### Dataset entries

Lemma incomparable_witness z y : y \in X -> prod_le z y -> z \notin X ->
  exists d e, [/\ d \in X, e \in X, prod_le z e, prod_le d e &
                  ~~ prod_le d z && ~~ prod_le z d].
Proof.
move=> y_in le_zy z_notin.
have [/existsP [d /existsP [e /and5P [? ? ? ? ?]]] | no_witness] :=
  boolP [exists d, exists e, [&& d \in X, e \in X, prod_le z e, prod_le d e &
                                 ~~ prod_le d z && ~~ prod_le z d]].
  by exists d, e.
have zX_pre : shuffle_pre (z |: X).
  apply: (pre_setU1 X_pre y_in le_zy) => d e d_in e_in le_ze le_de.
  apply: contraNT no_witness; rewrite negb_or => incmp.
  by apply/existsP; exists d; apply/existsP; exists e; rewrite d_in e_in le_ze le_de.
by rewrite -(proj2 X_sub _ (subsetUr _ _) zX_pre) setU11 in z_notin.
Qed.

Lemma root_pair_in s t : is_root s -> is_root t -> (s, t) \in X.
Proof.
move=> s_root t_root; have z_min p : prod_le (s, t) p by rewrite /prod_le s_root t_root.
have [ls ls_leaf _] := leaf_above s; have [lt lt_leaf _] := leaf_above t.
apply: contraT => /(incomparable_witness (leaf_pair_in X_pre ls_leaf lt_leaf) (z_min _)).
by case=> d [e [_ _ _ _]]; rewrite z_min andbF.
Qed.

(* The pair [(s, x.2)] is missing from [X]; the pair witnessing that it
   cannot be added is moved in the second coordinate only. *)
Lemma missing_left_step x c s : x \in X -> imm_above_in X x c ->
  imm_above x.1 s -> tle s c.1 -> (s, x.2) != c ->
  exists2 d, d \in X & [/\ d.1 = x.1, tle x.2 d.2 & d.2 != x.2].
Proof.
move=> x_in [c_in _ /andP [_ le_xc2] c_min] [neq_sx le_xs s_min] le_sc neq_zc.
have le_xz : prod_le x (s, x.2) by rewrite /prod_le le_xs tle_refl.
have le_zc : prod_le (s, x.2) c by rewrite /prod_le le_sc le_xc2.
have z_notin : (s, x.2) \notin X.
  apply/negP => /c_min/(_ le_xz le_zc) [eq_zx | eq_zc].
    by rewrite -eq_zx /= eqxx in neq_sx.
  by rewrite eq_zc eqxx in neq_zc.
have [d [e [d_in e_in le_ze le_de /andP [nle_dz nle_zd]]]] :=
  incomparable_witness c_in le_zc z_notin.
have /andP [le_xd1 le_xd2] : prod_le x d.
  case/orP: (pre_comparable X_pre x_in d_in (prod_le_trans le_xz le_ze) le_de) => // le_dx.
  by rewrite (prod_le_trans le_dx le_xz) in nle_dz.
have [/andP [le_de1 _] /andP [le_ze1 _]] := (le_de, le_ze).
have le_d1s : tle d.1 s.
  case/orP: (tle_total_below le_de1 le_ze1) => // le_sd1.
  by rewrite /prod_le le_sd1 le_xd2 in nle_zd.
have eq_d1 : d.1 = x.1.
  case: (s_min _ le_xd1 le_d1s) => // eq_d1s.
  by rewrite /prod_le /= eq_d1s tle_refl le_xd2 in nle_zd.
exists d => //; split=> //; apply: contraNneq nle_dz => eq_d2.
by rewrite [d]surjective_pairing eq_d1 eq_d2 -surjective_pairing.
Qed.

Lemma missing_right_step x c t : x \in X -> imm_above_in X x c ->
  imm_above x.2 t -> tle t c.2 -> (x.1, t) != c ->
  exists2 d, d \in X & [/\ d.2 = x.2, tle x.1 d.1 & d.1 != x.1].
Proof.
move=> x_in [c_in _ /andP [le_xc1 _] c_min] [neq_tx le_xt t_min] le_tc neq_zc.
have le_xz : prod_le x (x.1, t) by rewrite /prod_le le_xt tle_refl.
have le_zc : prod_le (x.1, t) c by rewrite /prod_le le_tc le_xc1.
have z_notin : (x.1, t) \notin X.
  apply/negP => /c_min/(_ le_xz le_zc) [eq_zx | eq_zc].
    by rewrite -eq_zx /= eqxx in neq_tx.
  by rewrite eq_zc eqxx in neq_zc.
have [d [e [d_in e_in le_ze le_de /andP [nle_dz nle_zd]]]] :=
  incomparable_witness c_in le_zc z_notin.
have /andP [le_xd1 le_xd2] : prod_le x d.
  case/orP: (pre_comparable X_pre x_in d_in (prod_le_trans le_xz le_ze) le_de) => // le_dx.
  by rewrite (prod_le_trans le_dx le_xz) in nle_dz.
have [/andP [_ le_de2] /andP [_ le_ze2]] := (le_de, le_ze).
have le_d2t : tle d.2 t.
  case/orP: (tle_total_below le_de2 le_ze2) => // le_td2.
  by rewrite /prod_le le_td2 le_xd1 in nle_zd.
have eq_d2 : d.2 = x.2.
  case: (t_min _ le_xd2 le_d2t) => // eq_d2t.
  by rewrite /prod_le /= eq_d2t tle_refl le_xd1 in nle_zd.
exists d => //; split=> //; apply: contraNneq nle_dz => eq_d1.
by rewrite [d]surjective_pairing eq_d1 eq_d2 -surjective_pairing.
Qed.

Lemma imm_above_in_step x c : x \in X -> imm_above_in X x c ->
  left_step x c \/ right_step x c.
Proof.
move=> x_in xc; have [c_in neq_cx /andP [le1 le2] _] := xc.
have [eq1|neq1] := eqVneq c.1 x.1; have [eq2|neq2] := eqVneq c.2 x.2.
- by case/eqP: neq_cx; rewrite [c]surjective_pairing eq1 eq2 -surjective_pairing.
- right; split=> //; have [t xt le_tc] := imm_above_exists le2 neq2.
  have [<-//|neq_tc] := eqVneq t c.2.
  have [|d d_in [eq_d2 le_d1 neq_d1]] := missing_right_step x_in xc xt le_tc.
    by apply: contra neq_tc => /eqP <-.
  by case: (pre_axis_moves X_pre d_in c_in eq_d2 eq1 le_d1 le2) => /eqP;
    rewrite ?(negbTE neq_d1) ?(negbTE neq2).
- left; split=> //; have [s xs le_sc] := imm_above_exists le1 neq1.
  have [<-//|neq_sc] := eqVneq s c.1.
  have [|d d_in [eq_d1 le_d2 neq_d2]] := missing_left_step x_in xc xs le_sc.
    by apply: contra neq_sc => /eqP <-.
  by case: (pre_axis_moves X_pre c_in d_in eq2 eq_d1 le1 le_d2) => /eqP;
    rewrite ?(negbTE neq1) ?(negbTE neq_d2).
- exfalso; have [s xs le_sc] := imm_above_exists le1 neq1.
  have [t xt le_tc] := imm_above_exists le2 neq2.
  have [|d d_in [eq_d1 le_d2 neq_d2]] := missing_left_step x_in xc xs le_sc.
    by apply: contra neq2 => /eqP <-.
  have [|d' d'_in [eq_d'2 le_d'1 neq_d'1]] := missing_right_step x_in xc xt le_tc.
    by apply: contra neq1 => /eqP <-.
  by case: (pre_axis_moves X_pre d'_in d_in eq_d'2 eq_d1 le_d'1 le_d2) => /eqP;
    rewrite ?(negbTE neq_d'1) ?(negbTE neq_d2).
Qed.

Lemma left_step_children x c0 : x \in X -> imm_above_in X x c0 -> left_step x c0 ->
  (forall c, imm_above_in X x c -> left_step x c) /\
  (forall s, imm_above x.1 s -> imm_above_in X x (s, x.2)).
Proof.
move=> x_in [c0_in _ _ _] [eq0 [neq0 le0 _]].
have all_left c : imm_above_in X x c -> left_step x c.
  move=> xc; case: (imm_above_in_step x_in xc) => // [[eq1 [neq2 le2 _]]].
  have [c_in _ _ _] := xc.
  by case: (pre_axis_moves X_pre c0_in c_in eq0 eq1 le0 le2) => /eqP;
    rewrite ?(negbTE neq0) ?(negbTE neq2).
split=> // s xs; have [neq_sx le_xs _] := xs.
have [ls ls_leaf le_s] := leaf_above s; have [lt lt_leaf le_t] := leaf_above x.2.
have le_x : prod_le x (ls, lt) by rewrite /prod_le le_t (tle_trans le_xs le_s).
have neq_x : (ls, lt) != x.
  apply: contra neq_sx => /eqP eq_x; apply/eqP/tle_anti => //.
  by rewrite -eq_x.
have [c xc /andP [le_c1 _]] :=
  imm_above_in_exists (leaf_pair_in X_pre ls_leaf lt_leaf) le_x neq_x.
have [eq_c2 xc1] := all_left c xc.
by rewrite -(imm_above_eq xc1 xs le_c1 le_s) -eq_c2 -surjective_pairing.
Qed.

Lemma right_step_children x c0 : x \in X -> imm_above_in X x c0 -> right_step x c0 ->
  (forall c, imm_above_in X x c -> right_step x c) /\
  (forall t, imm_above x.2 t -> imm_above_in X x (x.1, t)).
Proof.
move=> x_in [c0_in _ _ _] [eq0 [neq0 le0 _]].
have all_right c : imm_above_in X x c -> right_step x c.
  move=> xc; case: (imm_above_in_step x_in xc) => // [[eq2 [neq1 le1 _]]].
  have [c_in _ _ _] := xc.
  by case: (pre_axis_moves X_pre c_in c0_in eq2 eq0 le1 le0) => /eqP;
    rewrite ?(negbTE neq1) ?(negbTE neq0).
split=> // t xt; have [neq_tx le_xt _] := xt.
have [ls ls_leaf le_s] := leaf_above x.1; have [lt lt_leaf le_t] := leaf_above t.
have le_x : prod_le x (ls, lt) by rewrite /prod_le le_s (tle_trans le_xt le_t).
have neq_x : (ls, lt) != x.
  apply: contra neq_tx => /eqP eq_x; apply/eqP/tle_anti => //.
  by rewrite -eq_x.
have [c xc /andP [_ le_c2]] :=
  imm_above_in_exists (leaf_pair_in X_pre ls_leaf lt_leaf) le_x neq_x.
have [eq_c1 xc2] := all_right c xc.
by rewrite -(imm_above_eq xc2 xt le_c2 le_t) -eq_c1 -surjective_pairing.
Qed.

End ShuffleSubset.

Section ShufflesAndSubsets.

Variables S T : tree.

Lemma label_set_shuffle_subset (A : tree) (l : tedge A -> tedge S * tedge T) :
  is_shuffle l -> shuffle_subset (label_set l).
Proof.
move=> l_shuffle; have l_mono := shuffle_leE l_shuffle.
have [l_root l_leaf _ leaf_label _] := l_shuffle.
have X_pre : shuffle_pre (label_set l).
  split=> [|p]; first exact: label_set_treelike.
  split=> [p_max | [s_leaf t_leaf]].
    have [/imsetP [a _ eq_p] _] := p_max; rewrite eq_p in p_max *.
    by apply: l_leaf; apply/(maximal_label_set l_mono).
  have [a a_leaf eq_a] := leaf_label _ _ s_leaf t_leaf.
  by rewrite [p]surjective_pairing -eq_a; apply/(maximal_label_set l_mono).
split=> // Y sub_XY Y_pre; apply/eqP; rewrite eqEsubset sub_XY andbT.
(* Climb from the root towards the leaf [b] above [y] while labels stay below
   [y]; the next label is comparable with [y], both lying below [l b]. *)
apply/subsetP => y y_in; have [[_ _ _ _ Y_lin] Y_leaves] := Y_pre.
have [q [q_in le_yq q_max]] := ex_max (prod_porder S T) (P := mem Y) y_in.
have /Y_leaves [q1_leaf q2_leaf] : maximal_in Y (@prod_le S T) q by [].
have /imsetP [b _ eq_q] := leaf_pair_in X_pre q1_leaf q2_leaf.
rewrite -surjective_pairing in eq_q.
have [r r_root] := tree_root A; have [rs rt] := l_root r r_root.
pose P := [pred a | tle a b && prod_le (l a) y].
have [|m [/andP [le_mb le_my] _ m_max]] := ex_max (tree_porder A) (_ : P r).
  by rewrite /= r_root /prod_le rs rt.
have [eq_bm|neq_bm] := eqVneq b m.
  suff -> : y = l b by exact: imset_f.
  by apply: prod_le_anti; [rewrite -eq_q | rewrite eq_bm].
have [c mc le_cb] := imm_above_exists le_mb neq_bm.
have lc_in : l c \in Y by apply: (subsetP sub_XY); exact: imset_f.
have le_cq : prod_le (l c) q by rewrite eq_q -l_mono.
case/orP: (Y_lin _ _ _ q_in lc_in y_in le_cq le_yq) => [le_cy | le_yc].
  have [neq_cm le_mc _] := mc; case/eqP: neq_cm.
  by apply: m_max; rewrite //= le_cb le_cy.
by case: (step_between (shuffle_child_step l_shuffle mc) le_my le_yc) => ->;
  exact: imset_f.
Qed.

Lemma shuffle_subset_shuffle (A : tree) (l : tedge A -> tedge S * tedge T) :
  (forall a a', tle a a' = prod_le (l a) (l a')) ->
  shuffle_subset (label_set l) -> is_shuffle l.
Proof.
move=> l_mono X_sub; have X_pre := proj1 X_sub; have [_ leaves] := X_pre.
have l_inj := label_inj l_mono.
split=> [a a_root | a /(maximal_label_set l_mono)/leaves // | a b _ _
        | s t s_leaf t_leaf | a a_nleaf].
- have [rs rs_root] := tree_root S; have [rt rt_root] := tree_root T.
  have /imsetP [b _ eq_b] := root_pair_in X_sub rs_root rt_root.
  have /andP [le1 le2] : prod_le (l a) (rs, rt) by rewrite eq_b -l_mono.
  by split=> u; [apply: tle_trans le1 _ | apply: tle_trans le2 _].
- exact: l_inj.
- have /imsetP [a _ eq_a] := leaf_pair_in X_pre s_leaf t_leaf.
  exists a => //; apply/(maximal_label_set l_mono); rewrite -eq_a.
  exact/leaves.
split=> [c1 c2 _ _ /l_inj //|].
have lift p : imm_above_in (label_set l) (l a) p -> exists2 c, imm_above a c & l c = p.
  move=> lap; have [/imsetP [c _ eq_c] _ _ _] := lap.
  by exists c => //; apply/(imm_above_label_set l_mono); rewrite -eq_c.
have [c0 /(imm_above_label_set l_mono) ac0] := not_leaf_imm_above a_nleaf.
have la_in : l a \in label_set l by exact: imset_f.
case: (imm_above_in_step X_sub la_in ac0) => [step | step]; [left | right].
- have [all_left cover] := left_step_children X_sub la_in ac0 step.
  split=> [c /(imm_above_label_set l_mono)/all_left // | s /cover/lift //].
- have [all_right cover] := right_step_children X_sub la_in ac0 step.
  split=> [c /(imm_above_label_set l_mono)/all_right // | t /cover/lift //].
Qed.

Lemma shuffle_subset_label_set (X : {set tedge S * tedge T}) : shuffle_subset X ->
  exists (A : tree) (l : tedge A -> tedge S * tedge T), is_shuffle l /\ label_set l = X.
Proof.
move=> X_sub; have [[[_ _ _ [r r_in r_min] X_lin] _] _] := X_sub.
pose le : rel {p | p \in X} := fun a b => prod_le (val a) (val b).
have le_treelike : treelike le.
  split=> [a _|a b _ _ le_ab le_ba|a b c _ _ _||].
  - exact: prod_le_refl.
  - exact/val_inj/prod_le_anti.
  - exact: prod_le_trans.
  - by exists (exist _ r r_in) => // a _; apply/r_min/valP.
  - by move=> e d1 d2 _ _ _; apply: X_lin; apply: valP.
have label_val : label_set (val : tedge (Tree le_treelike) -> _) = X.
  apply/setP => p; apply/imsetP/idP => [[a _ ->] | p_in]; first exact: valP.
  by exists (exist _ p p_in).
exists (Tree le_treelike), val; split=> //.
by apply: shuffle_subset_shuffle; rewrite ?label_val.
Qed.

End ShufflesAndSubsets.

Theorem mainTheorem2 (S T : tree) :
  [/\ (* the label set of a shuffle lies in the target set *)
      (forall (A : tree) (l : tedge A -> tedge S * tedge T),
         is_shuffle l -> shuffle_subset (label_set l)),
      (* the map is well defined on isomorphism classes *)
      (forall (A : tree) (l : tedge A -> tedge S * tedge T)
              (B : tree) (m : tedge B -> tedge S * tedge T),
         is_shuffle l -> is_shuffle m -> shuffle_iso l m -> label_set l = label_set m),
      (* injective on isomorphism classes *)
      (forall (A : tree) (l : tedge A -> tedge S * tedge T)
              (B : tree) (m : tedge B -> tedge S * tedge T),
         is_shuffle l -> is_shuffle m -> label_set l = label_set m -> shuffle_iso l m),
      (* surjective *)
      (forall X : {set tedge S * tedge T}, shuffle_subset X ->
         exists (A : tree) (l : tedge A -> tedge S * tedge T),
           is_shuffle l /\ label_set l = X)
    & (* tree order of a shuffle = order induced from E(S) x E(T) *)
      (forall (A : tree) (l : tedge A -> tedge S * tedge T),
         is_shuffle l -> forall a a' : tedge A, tle a a' = prod_le (l a) (l a'))].
Proof.
split.
- exact: label_set_shuffle_subset.
- by move=> A l B m _ _; apply: shuffle_iso_label_set.
- by move=> A l B m l_shuffle m_shuffle; apply: label_set_shuffle_iso;
    apply: shuffle_leE.
- exact: shuffle_subset_label_set.
- exact: shuffle_leE.
Qed.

### ABOUT THIS EXERCISE
Retype, exactly and in full, the lines above from the one containing "by rewrite /prod_le /= eq_d2t" through the one containing "- by case/eqP: neq_cx;".

### TASK OUTPUT
  by rewrite /prod_le /= eq_d2t tle_refl le_xd1 in nle_zd.
exists d => //; split=> //; apply: contraNneq nle_dz => eq_d1.
by rewrite [d]surjective_pairing eq_d1 eq_d2 -surjective_pairing.
Qed.

Lemma imm_above_in_step x c : x \in X -> imm_above_in X x c ->
  left_step x c \/ right_step x c.
Proof.
move=> x_in xc; have [c_in neq_cx /andP [le1 le2] _] := xc.
have [eq1|neq1] := eqVneq c.1 x.1; have [eq2|neq2] := eqVneq c.2 x.2.
- by case/eqP: neq_cx; rewrite [c]surjective_pairing eq1 eq2 -surjective_pairing.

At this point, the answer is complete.